EXERCISE REQUIREMENTS:
Copy each line containing the word "field" from the records that follow, please.

----------------------------------------

Definition spectral_part (o : option {ffun 'I_d -> bool}) : W -> C :=
  if o is Some s then fun w => prodK_eigvec C u s w.2 / 2
  else fun w => (-1) ^+ w.1 * ((w.2 == u)%:R / 2).

Definition spectral_eigval (o : option {ffun 'I_d -> bool}) : int :=
  if o is Some s then prodK_degree n - prodK_eigval n s else prodK_degree n.

Lemma laplacian_spectral_part o :
  L *m cvec_of (spectral_part o) =
  Complex (2 * spectral_eigval o)%:~R 0 *: cvec_of (spectral_part o).
Proof.
rewrite -[Complex _ 0]/(real_complex R _) rmorph_int.
case: o => [s|].
  rewrite (laplacian_blowup2_sym _ (fun x => prodK_eigvec C u s x / 2)).
  apply/matrixP => a j; rewrite !mxE /=.
  under eq_bigr do rewrite -mulrBl mulrA.
  by rewrite -mulr_suml prodK_laplacian_eigen // intrM; field.
rewrite (laplacian_blowup2_antisym _ (fun x => (x == u)%:R / 2)).
by apply/matrixP => a j; rewrite !mxE /= sum_prodK_adj intrM -mulr_natl.
Qed.

Lemma sum_spectral_parts :
  \sum_o cvec_of (spectral_part o) = evec C ((ord0, u) : W).
Proof.
rewrite evecE big_option; apply/matrixP => a j; rewrite !mxE summxE.
under eq_bigr do rewrite mxE.
rewrite -mulr_suml sum_prodK_eigvec; case: (enum_val a) => l x /=.
by rewrite xpair_eqE; case: (x == u); case: l => -[|[|//]] _ /=; field.
Qed.

Lemma sum_spectral_parts_flip :
  - cvec_of (spectral_part None) + \sum_S cvec_of (spectral_part (Some S)) =
  evec C ((ord_max, u) : W).
Proof.
rewrite evecE; apply/matrixP => a j; rewrite !mxE summxE.
under eq_bigr do rewrite mxE.
rewrite -mulr_suml sum_prodK_eigvec; case: (enum_val a) => l x /=.
by rewrite xpair_eqE; case: (x == u); case: l => -[|[|//]] _ /=; field.
Qed.

Lemma spectral_phase o :
  expi (pi / 2 * (2 * spectral_eigval o)%:~R) = if o is Some _ then 1 else -1 :> C.
Proof.
have odd_pi z : odd `|z| -> expi (z%:~R * pi) = -1 :> C.
  by move=> z_odd; rewrite expi_intpi -signr_odd z_odd.
have -> : pi / 2 * (2 * spectral_eigval o)%:~R = (spectral_eigval o)%:~R * pi :> R.
  by rewrite intrM; field.
case: o => [S|] /=; last exact/odd_pi/odd_prodK_degree.
rewrite intrB mulrBl -mulNr -intrN expiD !odd_pi ?mulrNN ?mulr1 //.
  by rewrite abszN; exact: odd_prodK_eigval.
exact: odd_prodK_degree.
Qed.

Lemma blowup2_prodK_pst :
  lap_pst R (blowup2 (@prodK_adj d n)) (ord0, u) (ord_max, u).
Proof.
exists (pi / 2); split; first by rewrite divr_gt0 ?pi_gt0.
exists 1.
rewrite scale1r (cexpmx_iscale_delta _ laplacian_spectral_part sum_spectral_parts).
rewrite big_option spectral_phase scaleN1r -sum_spectral_parts_flip.
by congr (_ + _); apply: eq_bigr => S _; rewrite spectral_phase scale1r.
Qed.

End PerfectStateTransfer.

Unset Implicit Arguments.

Theorem corollary7 (R : realType) (d : nat) (n : 'I_d -> nat) :
  (0 < d)%N ->
  (forall j : 'I_d, (2 <= n j)%N /\ ~~ odd (n j)) ->
  forall u : prodK_vertex n,
    lap_pst R (blowup2 (@prodK_adj d n)) (ord0, u) (ord_max, u).
Proof.
move=> _ n_ge2_even u.
have n_gt0 j : (0 < n j)%N by case: (n_ge2_even j) => /ltnW.
have n_even j : ~~ odd (n j) by case: (n_ge2_even j).
exact: blowup2_prodK_pst n_gt0 n_even.
Qed.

----------------------------------------

WRITTEN ANSWER:
  by rewrite -mulr_suml prodK_laplacian_eigen // intrM; field.
by rewrite xpair_eqE; case: (x == u); case: l => -[|[|//]] _ /=; field.
by rewrite xpair_eqE; case: (x == u); case: l => -[|[|//]] _ /=; field.
  by rewrite intrM; field.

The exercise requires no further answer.